→ **Work to complete**
Return a copy of every line in the data below that contains "mathbb".

Collected data

------------

(* Let $p_1\equiv p_2\equiv1\pmod4$ be primes, $d=2p_1p_2$, $k=\mathbb{Q}(\sqrt d,i)$, and suppose the fundamental unit $\varepsilon_d$ of $\mathbb{Q}(\sqrt d)$ has $N(\varepsilon_d)=-1$. (i) If $\sqrt{\varepsilon_d}$ has the form $\tfrac12[y_1(1+i)\sqrt{(1\pm i)\pi_1\pi_3}+y_2(1-i)\sqrt{(1\mp i)\pi_2\pi_4}]$ with $y_1,y_2\in\mathbb{Z}[i]$, then the ideals $\mathcal{H}_0\mathcal{H}_1\mathcal{H}_3$ and $\mathcal{H}_0\mathcal{H}_2\mathcal{H}_4$ are principal in $k$. (ii) If $\sqrt{\varepsilon_d}$ has the form $\tfrac12[y_1(1+i)\sqrt{(1\pm i)\pi_1\pi_4}+y_2(1-i)\sqrt{(1\mp i)\pi_2\pi_3}]$ with $y_1,y_2\in\mathbb{Z}[i]$, then $\mathcal{H}_0\mathcal{H}_1\mathcal{H}_4$ and $\mathcal{H}_0\mathcal{H}_2\mathcal{H}_3$ are principal in $k$.
   Context: $i=\sqrt{-1}$. Write $p_1=e^2+4f^2$, $p_2=g^2+4h^2$ with integers $e,f,g,h$, and set $\pi_1=e+2if$, $\pi_2=e-2if$, $\pi_3=g+2ih$, $\pi_4=g-2ih$. For $j=1,\dots,4$, $\mathcal{H}_j$ is the prime ideal of $k$ above $\pi_j$ (so $\mathcal{H}_j^2=\pi_j\mathcal{O}_k$), and $\mathcal{H}_0$ is the prime ideal of $k$ above $1+i$ (so $\mathcal{H}_0^2=(1+i)\mathcal{O}_k$). $N$ is the norm from $\mathbb{Q}(\sqrt d)$ to $\mathbb{Q}$. (One of the two forms always occurs.) *)

From HB Require Import structures.
From mathcomp Require Import all_boot all_order all_algebra all_field.
Set Implicit Arguments. Unset Strict Implicit. Unset Printing Implicit Defensive.
Import Order.TTheory GRing.Theory Num.Theory.
Local Open Scope ring_scope.

Definition gauss_int (y : algC) : Prop := ('Re y \in Num.int) /\ ('Im y \in Num.int).

Definition in_Qsqrt (d : nat) (x : algC) : Prop :=
  exists a b : rat, x = ratr a + ratr b * sqrtC d%:R.

Definition Qsqrt_unit (d : nat) (u : algC) : Prop :=
  [/\ in_Qsqrt d u, u \in Aint & u^-1 \in Aint].

(* The fundamental unit eps_d: the smallest unit of O_{Q(sqrt d)} larger than 1
   (Q(sqrt d) embedded in algC with sqrtC d > 0 real). *)
Definition fund_unit (d : nat) (eps : algC) : Prop :=
  [/\ Qsqrt_unit d eps, 1 < eps &
      forall u, Qsqrt_unit d u -> 1 < u -> eps <= u].

Definition Qsqrt_norm_is (d : nat) (x : algC) (n : rat) : Prop :=
  exists a b : rat, x = ratr a + ratr b * sqrtC d%:R /\ n = a ^+ 2 - d%:R * b ^+ 2.

Definition in_k (d : nat) (x : algC) : Prop :=
  exists a b c e : rat,
    x = ratr a + ratr b * sqrtC d%:R + 'i * (ratr c + ratr e * sqrtC d%:R).
Definition in_Ok (d : nat) (x : algC) : Prop := in_k d x /\ x \in Aint.
(* Let $G$ be a graph such that each block of $G$ has a $(w,p)$-good tree decomposition. Then $G$ has a $(w,p+1)$-good tree decomposition.
   Context: A block of $G$ is a maximal 2-connected subgraph, the subgraph induced by the endpoints of a bridge, or the subgraph induced by an isolated vertex. A tree decomposition of $G$ is a family $(B_x\subseteq V(G): x\in V(T))$ indexed by the nodes of a tree $T$ such that each edge of $G$ has both endpoints in some bag and, for each $v\in V(G)$, the nodes $x$ with $v\in B_x$ induce a non-empty connected subtree $T[v]$ of $T$; its width is the maximum bag size minus 1. Pathwidth $\operatorname{pw}$ is the minimum width of a tree decomposition indexed by a path. A tree decomposition is $(w,p)$-good if its width is at most $w$ and $\operatorname{pw}(T[v])\le p$ for every $v\in V(G)$. *)

(* Finite simple graphs as symmetric irreflexive relations
   on a finType; subgraphs induced on a vertex set S : {set V}. *)
From mathcomp Require Import all_boot.
Set Implicit Arguments. Unset Strict Implicit. Unset Printing Implicit Defensive.

Section Graphs.
Variable V : finType.
Variable e : rel V.

Definition simple_graph := symmetric e /\ irreflexive e.

Definition induced (S : {set V}) : rel V :=
  fun x y => [&& x \in S, y \in S & e x y].

Definition connected_in (S : {set V}) : Prop :=
  S != set0 /\ forall x y, x \in S -> y \in S -> connect (induced S) x y.

Definition two_connected (S : {set V}) : Prop :=
  3 <= #|S| /\ connected_in S /\ forall v, v \in S -> connected_in (S :\ v).

Definition max_two_connected (S : {set V}) : Prop :=
  two_connected S /\ forall S' : {set V}, S \subset S' -> two_connected S' -> S' = S.

Definition bridge (u v : V) : Prop :=
  e u v /\
  ~~ connect (fun x y => e x y && ([set x; y] != [set u; v])) u v.

Definition isolated (v : V) : Prop := forall u, ~~ e v u.

Definition block (S : {set V}) : Prop :=
  max_two_connected S
  \/ (exists u v, bridge u v /\ S = [set u; v])
  \/ (exists v, isolated v /\ S = [set v]).

Definition tree_rel : Prop :=
  connected_in [set: V] /\ forall c : seq V, ucycle e c -> size c < 3.

End Graphs.

Definition is_decomp (V : finType) (e : rel V) (S : {set V})
    (I : finType) (te : rel I) (B : I -> {set V}) : Prop :=
  (forall x, B x \subset S) /\
  (forall u v, u \in S -> v \in S -> e u v -> exists x, (u \in B x) && (v \in B x)) /\
  (forall v, v \in S -> connected_in te [set x | v \in B x]).

Definition width_le (V I : finType) (B : I -> {set V}) (w : nat) : Prop :=
  forall x, #|B x| <= w.+1.

Definition path_rel (n : nat) : rel 'I_n.+1 :=
  fun i j => (i.+1 == j :> nat) || (j.+1 == i :> nat).

Definition pw_le (V : finType) (e : rel V) (S : {set V}) (p : nat) : Prop :=
  exists (n : nat) (B : 'I_n.+1 -> {set V}),
    is_decomp e S (@path_rel n) B /\ width_le B p.

Definition good_decomp (V : finType) (e : rel V) (S : {set V}) (w p : nat) : Prop :=
  exists (I : finType) (te : rel I) (B : I -> {set V}),
    simple_graph te /\ tree_rel te /\
    is_decomp e S te B /\ width_le B w /\
    (forall v, v \in S -> pw_le te [set x | v \in B x] p).

From mathcomp Require Import all_boot zify.
Set Implicit Arguments. Unset Strict Implicit. Unset Printing Implicit Defensive.

(* Induction on path-closed vertex sets U: whenever some edges of G connect
   two vertices of U, the same edges inside G[U] already connect them.  Then a
   connected G[U] without cut vertex is a block of G.  Otherwise U is the
   union of two smaller path-closed sets U1, U2 that are disjoint or meet only
   in a cut vertex v of G[U], which is no cut vertex of G[U1].  The
   decompositions of both sides are glued by an edge between a node of T1[v]
   and a node y2 of T2[v], so T[v] is T1[v] and T2[v] joined by that edge.
   The invariant is that every T[u] has a path decomposition of width p+1
   with one node in all bags, and pathwidth at most p when u is no cut
   vertex.  For the glued T[v], append to the decomposition of T2[v] centered
   at y2 the bags of a width-p decomposition of T1[v], each enlarged by y2. *)

Lemma connect_homo (T T' : finType) (r : rel T) (r' : rel T') (f : T -> T') :
  (forall x y, r x y -> connect r' (f x) (f y)) ->
  forall x y, connect r x y -> connect r' (f x) (f y).
Proof.
move=> fr x y /connectP [s]; elim: s x => [|z s IHs] x /=; first by move=> _ ->.
by case/andP=> /fr xz zs yE; apply: connect_trans xz (IHs z zs yE).
Qed.

Section InducedConnectivity.
Variables (T : finType) (r : rel T).

Lemma induced_sym (S : {set T}) : symmetric r -> symmetric (induced r S).
Proof. by move=> sr x y; rewrite /induced sr andbCA. Qed.

Lemma connect_induced_setT : connect (induced r setT) =2 connect r.
Proof.
move=> x y; apply/idP/idP; apply: connect_sub => {}x {}y rxy; apply: connect1;
  by move: rxy; rewrite /induced !inE.
Qed.

Lemma connect_induced_subset (X Y : {set T}) : X \subset Y ->
  subrel (connect (induced r X)) (connect (induced r Y)).
Proof.
move=> XY; apply: connect_sub => x y /and3P [xX yX rxy]; apply: connect1.
by rewrite /induced (subsetP XY x xX) (subsetP XY y yX).
Qed.

Lemma connect_first_step x y : connect r x y -> x != y ->
  exists2 z, r x z & connect r z y.
Proof.
case/connectP=> [[|z s]] /=; first by move=> _ ->; rewrite eqxx.
by case/andP=> rxz zs yE _; exists z => //; apply/connectP; exists s.
Qed.

(* Retract [Y] onto [X] by sending [Y :\: X] to [x0]. *)
Lemma connect_induced_retract (X Y : {set T}) x0 : X \subset Y ->
  (forall s t, s \in X -> t \in Y :\: X -> r s t || r t s -> s = x0) ->
  forall x y, x \in X -> y \in X ->
  connect (induced r Y) x y -> connect (induced r X) x y.
Proof.
move=> XY cross x y xX yX.
pose x1 := if x0 \in X then x0 else x.
have cross1 s t : s \in X -> t \in Y :\: X -> r s t || r t s -> s = x1.
  by move=> sX tYX /(cross s t sX tYX) sx0; rewrite /x1 -sx0 sX.
pose f z := if z \in X then z else x1.
have fX z : z \in X -> f z = z by rewrite /f => ->.
move=> /(connect_homo (f := f)); rewrite !fX //; apply=> s t /and3P [sY tY rst].
rewrite /f; case: ifP => sX; case: ifP => tX //.
- by apply: connect1; rewrite /induced sX tX.
- by rewrite (cross1 s t) // ?inE ?tX ?rst.
- by rewrite (cross1 t s) // ?inE ?sX ?rst ?orbT.
Qed.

------------

→ **Solution below**
(* Let $p_1\equiv p_2\equiv1\pmod4$ be primes, $d=2p_1p_2$, $k=\mathbb{Q}(\sqrt d,i)$, and suppose the fundamental unit $\varepsilon_d$ of $\mathbb{Q}(\sqrt d)$ has $N(\varepsilon_d)=-1$. (i) If $\sqrt{\varepsilon_d}$ has the form $\tfrac12[y_1(1+i)\sqrt{(1\pm i)\pi_1\pi_3}+y_2(1-i)\sqrt{(1\mp i)\pi_2\pi_4}]$ with $y_1,y_2\in\mathbb{Z}[i]$, then the ideals $\mathcal{H}_0\mathcal{H}_1\mathcal{H}_3$ and $\mathcal{H}_0\mathcal{H}_2\mathcal{H}_4$ are principal in $k$. (ii) If $\sqrt{\varepsilon_d}$ has the form $\tfrac12[y_1(1+i)\sqrt{(1\pm i)\pi_1\pi_4}+y_2(1-i)\sqrt{(1\mp i)\pi_2\pi_3}]$ with $y_1,y_2\in\mathbb{Z}[i]$, then $\mathcal{H}_0\mathcal{H}_1\mathcal{H}_4$ and $\mathcal{H}_0\mathcal{H}_2\mathcal{H}_3$ are principal in $k$.
   Context: $i=\sqrt{-1}$. Write $p_1=e^2+4f^2$, $p_2=g^2+4h^2$ with integers $e,f,g,h$, and set $\pi_1=e+2if$, $\pi_2=e-2if$, $\pi_3=g+2ih$, $\pi_4=g-2ih$. For $j=1,\dots,4$, $\mathcal{H}_j$ is the prime ideal of $k$ above $\pi_j$ (so $\mathcal{H}_j^2=\pi_j\mathcal{O}_k$), and $\mathcal{H}_0$ is the prime ideal of $k$ above $1+i$ (so $\mathcal{H}_0^2=(1+i)\mathcal{O}_k$). $N$ is the norm from $\mathbb{Q}(\sqrt d)$ to $\mathbb{Q}$. (One of the two forms always occurs.) *)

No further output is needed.